The reason for the excessive taxes that many hedge fund investors must pay is the fact that the Tax Code doesn’t allow them to directly deduct fees or other operating expenses incurred in many hedge fund investments. The code requires that those expenses be claimed only as miscellaneous deductions, and those deductions can’t be used unless and until they reach 2 percent of the taxpayer’s entire income. And even if it gets over this hurdle, the Alternative Minimum Tax usually wipes out any remaining benefit. Accordingly, most taxpayers don’t get to benefit from those miscellaneous deductions.

“If you have an account with Merrill Lynch and they charge you an investment management fee, you would think that it’s deductible and will save you some tax, but because of the type of deduction, it is not likely,” Dlugash explained.

“Congress changed the law 20 years ago, and as a result, the vast majority of investors will not get the deduction,” he said. “If you make $100,000, the first $2,000 doesn’t count, and on top of that it’s not deductible for AMT purposes.”

Many believe that the code is unfair in this way.

“The code severely limits the ability of hedge fund investors to deduct expenses that are necessary to earn income — investment fees and expenses, accountants’ fees, and legal fees, for example,” Dlugash said.

The concept of deducting expenses incurred to earn income actually represents the most important tax deduction to make the code fair and equitable. “It shouldn’t be treated as a loophole-type of deduction subject to limitations and the AMT,” he said.

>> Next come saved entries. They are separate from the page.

Theorem lemma3p5 (q1 q2 : Z) (hq1 : (1 <= q1)%Z) (hq2 : (1 <= q2)%Z)
  (hcop : Z.gcd q1 q2 = 1%Z) (n1 n2 n3 m : Z) :
  T (q1 * q2) n1 n2 n3 m = Cmult (T q1 n1 n2 n3 m) (T q2 n1 n2 n3 m).
Proof.
  rewrite !T_sum1.
  rewrite <- sum1_crt by (auto; apply T_term_periodic; lia).
  rewrite (sum1_ext q1 _ (fun a1 => sum1 q2 (fun a2 =>
     Cmult (T_term n1 n2 n3 m q1 (q2 * q2 * a1)) (T_term n1 n2 n3 m q2 (q1 * q1 * a2))))).
  2:{ intros a1. apply sum1_ext. intros a2. rewrite T_term_mul by assumption.
      f_equal; apply T_term_periodic; try lia; [exists (a2 * q2) | exists (a1 * q1)]; ring. }
  assert (Hsq1 : Z.gcd q1 (q2 * q2) = 1)
    by now apply Zgcd_1_rel_prime, rel_prime_mult; apply Zgcd_1_rel_prime.
  assert (Hsq2 : Z.gcd q2 (q1 * q1) = 1)
    by now apply Zgcd_1_rel_prime, rel_prime_mult; apply Zgcd_1_rel_prime; rewrite Z.gcd_comm.
  rewrite <- (sum1_scale q1 (q2 * q2) (T_term n1 n2 n3 m q1)),
          <- (sum1_scale q2 (q1 * q1) (T_term n1 n2 n3 m q2)), sum1_mul;
    auto using T_term_periodic with zarith.
Qed.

“From a purist’s point of view, what should be taxed is income less the expenses incurred to earn that income. Mortgage interest, charitable contributions, real property tax and all the rest are all important and politically loved, but there’s no logical reason they’re in the code other than political and social engineering,” said Dlugash. “They have nothing to do with a fair tax system, which deducts the cost of earning income against the income. The whole concept of miscellaneous itemized deductions has made second-class citizens of a class of investors — people who end up paying tax on income they never get.”

BACK AT THE FUND ...

Of course, hedge funds can be structured in a multitude of ways that take into consideration different tax consequences, noted Selva Ozelli, a New York-based international tax attorney and CPA.

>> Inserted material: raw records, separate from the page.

Lemma det_scalar_addZ (R : fieldType) n (A : 'M[R]_n) (lam : seq R) (y s : R) :
  char_poly A = \prod_(l <- lam) ('X - l%:P) ->
  \det (y%:M + s *: A) = \prod_(l <- lam) (y + s * l).
Proof.
move=> chA; have size_lam : size lam = n.
  by have := size_char_poly A; rewrite chA size_prod_XsubC => -[].
have [->|s0] := eqVneq s 0.
  under eq_bigr do rewrite mul0r addr0.
  by rewrite scale0r addr0 det_scalar big_const_seq count_predT iter_mulr_1 size_lam.
have -> : y%:M + s *: A = (- s) *: ((- y / s)%:M - A).
  by apply/matrixP => i j; rewrite !mxE; case: (i == j); rewrite /= ?mulr1n ?mulr0n; field.
rewrite detZ -horner_char_poly chA horner_prod -size_lam -iter_mulr_1 -count_predT.
rewrite -big_const_seq -big_split /=.
by apply: eq_bigr => l _; rewrite !hornerE; field.
Qed.

Lemma eq_poly_cofinite (R : numFieldType) (p q : {poly R}) (S : seq R) :
  (forall x, x \notin S -> p.[x] = q.[x]) -> p = q.
Proof.
move=> eq_pq; apply/eqP; rewrite -subr_eq0; apply/negPn/negP => pq_neq0.
pose w := (p - q) * \prod_(y <- S) ('X - y%:P).
have w_neq0 : w != 0 by rewrite mulf_neq0 // monic_neq0 // monic_prod_XsubC.
have w_root x : root w x.
  rewrite rootM root_prod_XsubC orbC; case: (boolP (x \in S)) => /= xS //.
  by rewrite rootE !hornerE eq_pq // subrr.
have nat_uniq : uniq [seq k%:R : R | k <- iota 0 (size w)].
  by rewrite map_inj_uniq ?iota_uniq // => i j /eqP; rewrite eqr_nat => /eqP.
suff : (size [seq k%:R : R | k <- iota 0 (size w)] < size w)%N.
  by rewrite size_map size_iota ltnn.
by apply: max_poly_roots nat_uniq => //; apply/allP => x _; apply: w_root.
Qed.

Lemma big_tagged (R : Type) (idx : R) (op : Monoid.com_law idx) (I : finType)
    (V : I -> finType) (F : {i : I & V i} -> R) :
  \big[op/idx]_u F u = \big[op/idx]_i \big[op/idx]_(p : V i) F (Tagged V p).
Proof. by rewrite sig_big_dep; apply: eq_big => // -[]. Qed.

Lemma degreeE (T : finType) (e : rel T) x : degree e x = (\sum_y e x y)%N.
Proof.
by rewrite /degree -sum1dep_card big_mkcond; apply: eq_bigr => y _; case: (e x y).
Qed.

Lemma regular_degree_in_spectrum (R : fieldType) (T : finType) (e : rel T) d lam :
  symmetric e -> regular e d -> (0 < #|T|)%N -> spectrum (adjmx R e) lam ->
  d%:R \in lam.
Proof.
move=> e_sym e_reg T_gt0 spec_e; rewrite -root_prod_XsubC -spec_e -eigenvalue_root_char.
apply/eigenvalueP; exists (const_mx 1); last first.
  by apply/eqP => /matrixP/(_ 0 (Ordinal T_gt0)); rewrite !mxE; apply/eqP; rewrite oner_eq0.
apply/rowP => j; rewrite !mxE mulr1.
under eq_bigr do rewrite !mxE mul1r e_sym.
by rewrite -(big_enum_val (fun v => (e (enum_val j) v)%:R)) -natr_sum -degreeE e_reg.
Qed.

Section HjoinRegular.

Variables (R : fieldType) (r : nat) (H : rel 'I_r) (V : 'I_r -> finType).
Variables (E : forall i, rel (V i)) (d : 'I_r -> nat) (s : R).
Arguments E : clear implicits.
Hypothesis H_irr : irreflexive H.
Hypothesis E_reg : forall i, regular (E i) (d i).

Local Notation T := (Hjoin_vertex V).
Local Notation G := (Hjoin H E).

Lemma Hjoin_Tagged i (p q : V i) : G (Tagged V p) (Tagged V q) = E i p q.
Proof. by rewrite /Hjoin /= eqxx tagged_asE. Qed.

Lemma Hjoin_tag_neq (u v : T) : tag u != tag v -> G u v = H (tag u) (tag v).
Proof. by rewrite /Hjoin => /negbTE ->. Qed.

Definition ext_degree i := (\sum_(j | H i j) #|V j|)%N.

Lemma degree_Hjoin i (p : V i) :
  degree G (Tagged V p) = (degree (E i) p + ext_degree i)%N.
Proof.
rewrite !degreeE big_tagged (bigD1 i) //=; under eq_bigr do rewrite Hjoin_Tagged.
congr (_ + _)%N; rewrite /ext_degree [RHS]big_mkcond [RHS](bigD1 i) //= H_irr add0n.
apply: eq_bigr => j ji; rewrite (eq_bigr (fun=> nat_of_bool (H i j))) => [|q _].
  by rewrite sum_nat_const cardT -cardE; case: (H i j); rewrite ?muln1 ?muln0.
by rewrite Hjoin_tag_neq // eq_sym.
Qed.

(* [ext_degree i] and [block_laplacian i] are the N_i and M_i(s) of the statement. *)
Definition block_eigen i (l : R) := s ^+ 2 * ((d i + ext_degree i)%:R - 1) - s * l + 1.

Definition block_laplacian i : 'M[R]_#|V i| :=
  (block_eigen i 0)%:M - s *: adjmx R (E i).

Definition partition_mx : 'M[R]_(#|T|, r) := \matrix_(k, i) (tag (enum_val k) == i)%:R.

Lemma partition_mxE k i : partition_mx k i = (tag (enum_val k) == i)%:R.
Proof. exact: mxE. Qed.

Definition relmx : 'M[R]_r := \matrix_(i, j) (H i j)%:R.

Lemma partition_relmx_trE k l :
  (partition_mx *m relmx *m partition_mx^T) k l =
  (H (tag (enum_val k)) (tag (enum_val l)))%:R.
Proof.
rewrite !mxE (bigD1 (tag (enum_val l))) //= big1 => [|j /negbTE jl]; last first.
  by rewrite !mxE eq_sym jl mulr0.
rewrite !mxE eqxx mulr1 addr0 (bigD1 (tag (enum_val k))) //= big1 => [|j /negbTE jk].
  by rewrite !mxE eqxx mul1r addr0.
by rewrite !mxE eq_sym jk mul0r.
Qed.

Lemma tr_partition_mx_mul : partition_mx^T *m partition_mx = diag_mx (\row_i #|V i|%:R).
Proof.
apply/matrixP => i j; rewrite !mxE.
under eq_bigr do rewrite !mxE.
rewrite -(big_enum_val (fun v : T => (tag v == i)%:R * (tag v == j)%:R)) /= big_tagged.
rewrite (bigD1 i) //= [X in _ + X]big1 => [|i' /negbTE i'i]; last first.
  by rewrite big1 // => q _; rewrite /= i'i mul0r.
rewrite addr0 eqxx; under eq_bigr do rewrite mul1r.
by rewrite sumr_const cardT -cardE; case: (i == j); rewrite ?mulr1n ?mul0rn.
Qed.

Definition block_part x : 'M[R]_#|T| :=
  x%:M - deformed_laplacian G s - s *: (partition_mx *m relmx *m partition_mx^T).

Lemma block_partE x i (p q : V i) :
  block_part x (enum_rank (Tagged V p)) (enum_rank (Tagged V q)) =
  (x%:M - block_laplacian i) (enum_rank p) (enum_rank q).
Proof.
rewrite /block_part /block_laplacian /deformed_laplacian /adjmx /degmx.
rewrite !(partition_relmx_trE, mxE) !enum_rankK /= H_irr degree_Hjoin E_reg Hjoin_Tagged.
rewrite !(inj_eq enum_rank_inj) eq_Tagged /=.
by case: (p == q); rewrite /block_eigen /= ?mulr1n ?mulr0n; ring.
Qed.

“For example, some U.S. investors make investments in hedge funds through a variable annuity contract, where the income tax is deferred during the duration of the contract,” she explained. “Another option could be a foreign hedge fund that elects to be treated as a qualified foreign corporation for U.S. tax purposes. In these cases, the investor would get qualified dividend income taxed at the same rates that apply to net capital gain.”

A growing resentment of hedge fund managers is based on the capital gains treatment that they receive for their share of the profits of the partnership, observed Martin B. Tittle, a Washington-based tax attorney.

“Most hedge funds are organized as partnerships, so that the income and expenses flow through to the partners. The general partners are usually compensated in two ways,” he explained. “First, if they place capital of their own in the fund, they share in the fund’s earnings in proportion to the capital they’ve invested. Second, they usually receive 2 percent of the fund’s assets each year as a management fee, and 20 percent of the fund’s earnings as a profits interest.”

It’s the 20 percent profits interest that has been coined “carried interest,” and is under attack, said Tittle. “Under current tax rules, it’s usually characterized as a capital gain,” he said. “That concerns some people, because carried interest can be viewed as compensation for the services performed by the general partners in managing the fund.”

A change in capital gains treatment for hedge fund managers’ carried interest is seen as a potential revenue raiser in current proposals before Congress.

Several bills, including one introduced by Ways and Means Committee Chair Rep. Charles Rangel, D-N.Y., in November 2007, contain a new Code Section 710. The proposed section contains an income re-characterization rule that would treat income received by partners for performing investment management services as ordinary income received for the performance of services.

Dlugash objects to the proposal. “It’s unreasonable to claim that hedge fund operators get an unfair tax break,” he said. “The reality is that part of their income is, in fact, from capital gains, so it should be treated that way. The complaint is invalid — it represents an argument that one can only make by distorting the true nature of the gain. The best remedy is to just do nothing. The system works fine the way it is.”